> [TASK STATEMENT] Select the lines of the records containing the word "realType" and list them.

> [PROVIDED INFORMATION]
╔══

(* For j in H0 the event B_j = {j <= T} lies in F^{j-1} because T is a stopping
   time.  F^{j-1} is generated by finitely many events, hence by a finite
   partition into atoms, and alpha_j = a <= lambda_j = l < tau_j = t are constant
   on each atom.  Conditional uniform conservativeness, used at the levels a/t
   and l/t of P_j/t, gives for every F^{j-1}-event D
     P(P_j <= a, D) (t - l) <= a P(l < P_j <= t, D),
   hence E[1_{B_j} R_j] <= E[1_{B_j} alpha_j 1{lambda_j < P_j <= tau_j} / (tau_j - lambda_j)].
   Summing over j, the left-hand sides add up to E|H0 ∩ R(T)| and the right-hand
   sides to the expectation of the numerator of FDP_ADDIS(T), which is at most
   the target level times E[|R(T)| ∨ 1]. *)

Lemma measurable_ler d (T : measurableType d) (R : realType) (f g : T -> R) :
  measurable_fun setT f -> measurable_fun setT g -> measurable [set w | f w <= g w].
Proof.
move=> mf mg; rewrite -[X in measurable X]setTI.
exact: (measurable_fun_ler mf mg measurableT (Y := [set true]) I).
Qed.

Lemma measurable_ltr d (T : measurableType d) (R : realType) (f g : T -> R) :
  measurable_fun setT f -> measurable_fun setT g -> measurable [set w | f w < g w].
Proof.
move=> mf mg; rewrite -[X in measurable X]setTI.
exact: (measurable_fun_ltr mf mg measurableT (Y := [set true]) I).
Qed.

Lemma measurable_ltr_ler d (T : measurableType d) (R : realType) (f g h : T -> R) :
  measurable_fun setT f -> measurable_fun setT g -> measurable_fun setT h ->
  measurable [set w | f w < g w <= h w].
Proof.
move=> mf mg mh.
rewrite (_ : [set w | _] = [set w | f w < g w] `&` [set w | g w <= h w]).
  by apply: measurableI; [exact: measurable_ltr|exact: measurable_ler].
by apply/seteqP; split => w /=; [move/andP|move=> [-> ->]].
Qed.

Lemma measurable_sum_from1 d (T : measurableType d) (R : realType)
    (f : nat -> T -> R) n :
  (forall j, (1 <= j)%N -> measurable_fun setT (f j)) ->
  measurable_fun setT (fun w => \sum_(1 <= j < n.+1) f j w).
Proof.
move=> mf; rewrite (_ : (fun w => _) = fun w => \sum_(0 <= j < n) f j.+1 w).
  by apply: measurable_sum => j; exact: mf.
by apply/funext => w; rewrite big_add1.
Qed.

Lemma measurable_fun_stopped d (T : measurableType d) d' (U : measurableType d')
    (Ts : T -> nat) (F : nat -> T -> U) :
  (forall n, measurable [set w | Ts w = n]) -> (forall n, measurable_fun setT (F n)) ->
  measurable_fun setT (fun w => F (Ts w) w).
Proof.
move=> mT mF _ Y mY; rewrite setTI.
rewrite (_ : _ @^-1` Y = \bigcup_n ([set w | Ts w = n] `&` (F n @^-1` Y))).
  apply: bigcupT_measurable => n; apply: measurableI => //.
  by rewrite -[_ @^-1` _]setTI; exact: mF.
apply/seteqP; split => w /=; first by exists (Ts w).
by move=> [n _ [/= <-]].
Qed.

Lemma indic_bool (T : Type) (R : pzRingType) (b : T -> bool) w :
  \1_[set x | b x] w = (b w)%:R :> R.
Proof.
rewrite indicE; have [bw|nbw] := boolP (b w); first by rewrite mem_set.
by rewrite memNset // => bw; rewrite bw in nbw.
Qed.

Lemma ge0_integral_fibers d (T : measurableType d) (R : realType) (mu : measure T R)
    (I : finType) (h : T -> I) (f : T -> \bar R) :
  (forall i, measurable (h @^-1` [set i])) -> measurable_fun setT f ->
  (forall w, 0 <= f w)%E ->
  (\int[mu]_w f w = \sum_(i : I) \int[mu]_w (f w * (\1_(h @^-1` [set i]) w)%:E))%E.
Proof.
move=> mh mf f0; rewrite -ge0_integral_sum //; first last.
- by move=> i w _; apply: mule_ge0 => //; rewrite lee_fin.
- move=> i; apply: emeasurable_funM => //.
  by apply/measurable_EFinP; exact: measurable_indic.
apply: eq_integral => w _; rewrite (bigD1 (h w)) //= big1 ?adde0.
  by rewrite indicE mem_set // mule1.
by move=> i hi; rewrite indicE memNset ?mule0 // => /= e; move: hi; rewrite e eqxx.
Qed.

╚══

> [SOLUTION FOR THIS PROBLEM]
Lemma measurable_ler d (T : measurableType d) (R : realType) (f g : T -> R) :
Lemma measurable_ltr d (T : measurableType d) (R : realType) (f g : T -> R) :
Lemma measurable_ltr_ler d (T : measurableType d) (R : realType) (f g h : T -> R) :
Lemma measurable_sum_from1 d (T : measurableType d) (R : realType)
Lemma ge0_integral_fibers d (T : measurableType d) (R : realType) (mu : measure T R)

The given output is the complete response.